In the embodiment of the proposed capacitive sensor 100 of FIG. 1, it can be seen that a MEMS element 10 is arranged on an ASIC element 20. A damping element 15, e.g., in the form of Semicosil, is preferably arranged between the MEMS element 10 and the ASIC element 20. The capacitive sensor 100 and the ASIC element 20 are covered by a cap element 30 (e.g., metal lid) and thereby protected. Also possible but not shown in the figures are other embodiments of the capacitive sensor 100 with other layers of MEMS element 10 and ASIC element 20.

FIG. 2 shows a cross-sectional view of the capacitive sensor 100 of FIG. 1.

Barometric pressure is sensed by means of the MEMS element 10, in which a full capacitive Wheatstone bridge circuit 21 is implemented, as shown in FIG. 3. Two measuring elements of the capacitive bridge circuit 21 are variable measurement capacitances C_M1, C_M2 and are provided for pressure measurement. The other two elements represent capacitances with a fixed capacitance value, which are used in the proposed capacitive sensor 100 as reference capacitances C_Ref1, C_Ref2.

For the purposes of electrical contacting, bonding wires (not shown) are used, in particular for the electrical contacting between the ASIC element 20 and the substrate 1 (printed circuit board) arranged under it, and between the ASIC element 20 and the MEMS element 10. Furthermore, the bond wires can also be used to electrically connect the ASIC element 20 to the capacitive bridge circuit 21.

The capacitive bridge circuit 21 is actuated by electrical actuation signals A1, A2, which may, for example, be square-wave signals with frequencies of approximately 30 kHz to approximately 70 kHz. A first electrical actuation signal A1 is applied to a first supply line D1, and a second electrical measurement signal M2 is applied to a second supply line D2 of the capacitive bridge circuit 21.

FIG. 3 shows a conventional capacitive sensor 100 with the capacitive bridge circuit 21 in a “normal operation,” in which all bridge capacitances are ascertained for the purpose of a barometric pressure measurement. A first measurement capacitance C_M1 can be seen, which is actuated by an actuation element (e.g., ASIC element 20) with the first actuation signal A1. In this case, a capacitance value of the first measuring element C_M1 is ascertained, e.g., through a calculation by means of a downstream evaluation element 40 (e.g., microcomputer) of the ASIC element 20.
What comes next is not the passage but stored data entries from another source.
(* Let $n$ and $r$ be positive integers with $n\geq 2r$. For positive integers $l,k$ define the rational number $$m_r(l,k):=\frac{1}{k}\left(lr-\sum_{i=1}^{k-1}i\binom{l}{i}\right).$$ Let $l$ be the minimal positive integer such that there exists a positive integer $k\leq l+1$ satisfying $$0\leq m_r(l,k)\leq\binom{l}{k}\quad\text{and}\quad \sum_{i=0}^{k-1}\binom{l}{i}+m_r(l,k)\geq n.$$ Then $b(\mathrm{S}_{n,r})=b(\mathrm{A}_{n+1,r})=l$.
   Context: For a permutation group $G$ acting on a set $\Omega$, a base is a subset $\mathcal{B}\subseteq\Omega$ whose pointwise stabiliser in $G$ is trivial, and $b(G)$ denotes the minimum size of a base. Write $[n]=\{1,\dots,n\}$. $\mathrm{S}_{n,r}$ denotes the symmetric group $\mathrm{S}_n$ acting naturally on the set of $r$-element subsets of $[n]$, and $\mathrm{A}_{n+1,r}$ denotes the alternating group $\mathrm{A}_{n+1}$ acting naturally on the set of $r$-element subsets of $[n+1]$. Binomial coefficients $\binom{l}{k}$ with $k>l$ are $0$. *)

From mathcomp Require Import all_boot all_order all_algebra all_fingroup.
From mathcomp Require Import alt.
Set Implicit Arguments. Unset Strict Implicit. Unset Printing Implicit Defensive.
Import GRing.Theory Num.Theory.

Definition is_base (T : finType) (G : {set {perm T}}) (r : nat)
    (B : {set {set T}}) : Prop :=
  (forall A, A \in B -> #|A| = r) /\
  (forall g : {perm T}, g \in G -> (forall A, A \in B -> g @: A = A) -> g = 1%g).

Definition base_size_is (T : finType) (G : {set {perm T}}) (r l : nat) : Prop :=
  (exists B, is_base G r B /\ #|B| = l) /\
  (forall B, is_base G r B -> l <= #|B|).

Definition b_S_is (n r l : nat) : Prop := base_size_is [set: {perm 'I_n}] r l.
Definition b_A_is (n r l : nat) : Prop := base_size_is ('Alt_('I_n.+1))%g r l.

Definition m_r (r l k : nat) : rat :=
  (((l * r)%:Z - (\sum_(1 <= i < k) i * 'C(l, i))%N%:Z)%:~R / k%:R)%R.

Definition cond_l (n r l : nat) : Prop :=
  exists k : nat, [/\ 0 < k, k <= l.+1,
    (0 <= m_r r l k)%R, (m_r r l k <= ('C(l, k))%:R)%R &
    (n%:R <= (\sum_(0 <= i < k) 'C(l, i))%N%:R + m_r r l k)%R].

From mathcomp Require Import all_boot all_order all_algebra all_fingroup alt zify.
Set Implicit Arguments. Unset Strict Implicit. Unset Printing Implicit Defensive.
Import GRing.Theory Num.Theory.

(* A set B of r-subsets gives every point x its signature, the set of members
   of B containing x.  Two points with the same signature are swapped by a
   transposition fixing B, so for a base of S_n the n signatures are distinct,
   and for A_{n+1} at most one pair of the n+1 points shares a signature.  The
   signatures thus form n distinct subsets of a #|B|-set whose sizes add up to
   at most #|B| r; comparing with the n smallest subsets gives cond_l for #|B|.
   Conversely, under cond_l the small subsets of [l] (sizes < k, plus some of
   size k) form n-1 nonempty sets of total size at most l r; exchanging points
   between them equalises every degree to r, and reading the family as the
   signatures of n (or n+1) points yields a base of size at most l. *)

Lemma card_sets (I : finType) : #|{: {set I}}| = 2 ^ #|I|.
Proof.
by rewrite -cardsT -card_powerset; apply: eq_card => S; rewrite powersetE subsetT.
Qed.

Lemma sum_mem (I : finType) (S : {set I}) : \sum_(i : I) (i \in S) = #|S|.
Proof. by rewrite -sum1_card [RHS]big_mkcond. Qed.

Lemma card_set_sum (T : finType) (A : {set T}) (p : pred T) :
  #|[set x in A | p x]| = \sum_(x in A) p x.
Proof.
rewrite -sum1_card big_mkcond [RHS]big_mkcond /=; apply: eq_bigr => x _.
by rewrite inE; case: (x \in A); case: (p x).
Qed.

Lemma ltn_sum (I : finType) (f g : I -> nat) i0 :
  (forall i, f i <= g i) -> f i0 < g i0 -> \sum_i f i < \sum_i g i.
Proof.
move=> le_fg lt_fg0; rewrite (ltn_leqif (leqif_sum (fun i _ => leqif_eq (le_fg i)))).
by apply: contraL lt_fg0 => /forallP/(_ i0)/eqP ->; rewrite ltnn.
Qed.

Lemma eq_const_of_sum_le (I : finType) (f : I -> nat) r :
  (forall i, r <= f i) -> \sum_i f i <= #|I| * r -> forall i, f i = r.
Proof.
move=> le_rf sum_le i; apply/eqP; rewrite eqn_leq le_rf andbT leqNgt.
apply: contraL sum_le => lt_fi; rewrite -ltnNge -sum_nat_const.
exact: ltn_sum lt_fi.
Qed.

Lemma leq_card_inj_on (T T' : finType) (f : T -> T') (A : {set T}) (B : {set T'}) :
  {in A &, injective f} -> {in A, forall x, f x \in B} -> #|A| <= #|B|.
Proof.
move=> f_inj fAB; rewrite -(card_in_imset f_inj); apply: subset_leq_card.
by apply/subsetP => _ /imsetP[x xA ->]; apply: fAB.
Qed.

Lemma exists_subset_card (T : finType) (A : {set T}) m :
  m <= #|A| -> exists2 B : {set T}, B \subset A & #|B| = m.
Proof.
rewrite -bin_gt0 -cards_draws => /card_gt0P[B]; rewrite inE => /andP[BA /eqP Bm].
by exists B.
Qed.

Lemma leq_sum_subset (T : finType) (A B : {set T}) (f : T -> nat) :
  A \subset B -> \sum_(x in A) f x <= \sum_(x in B) f x.
Proof.
by move=> /subsetP AB; apply: (@sub_le_big _ addn _ leqnn (fun m n => leq_addr n m)) => x /AB.
Qed.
FIG. 4 shows an embodiment of the proposed capacitive sensor 100 in a test mode, in which only an individual reference capacitance C_Ref1, C_Ref2 is in each case ascertained one after the other, wherein only the second reference capacitance C_Ref2 is ascertained in this case. For this purpose, a second actuation signal A2 is applied to the second supply line D2 and a measurement signal of the second reference capacitance C_Ref2 is read at a terminal S1, wherein a terminal S2 is disconnected from the evaluation element 40 as a result of an open switch element 11. The first supply line D1 is connected to ground potential GND during the measurement operation.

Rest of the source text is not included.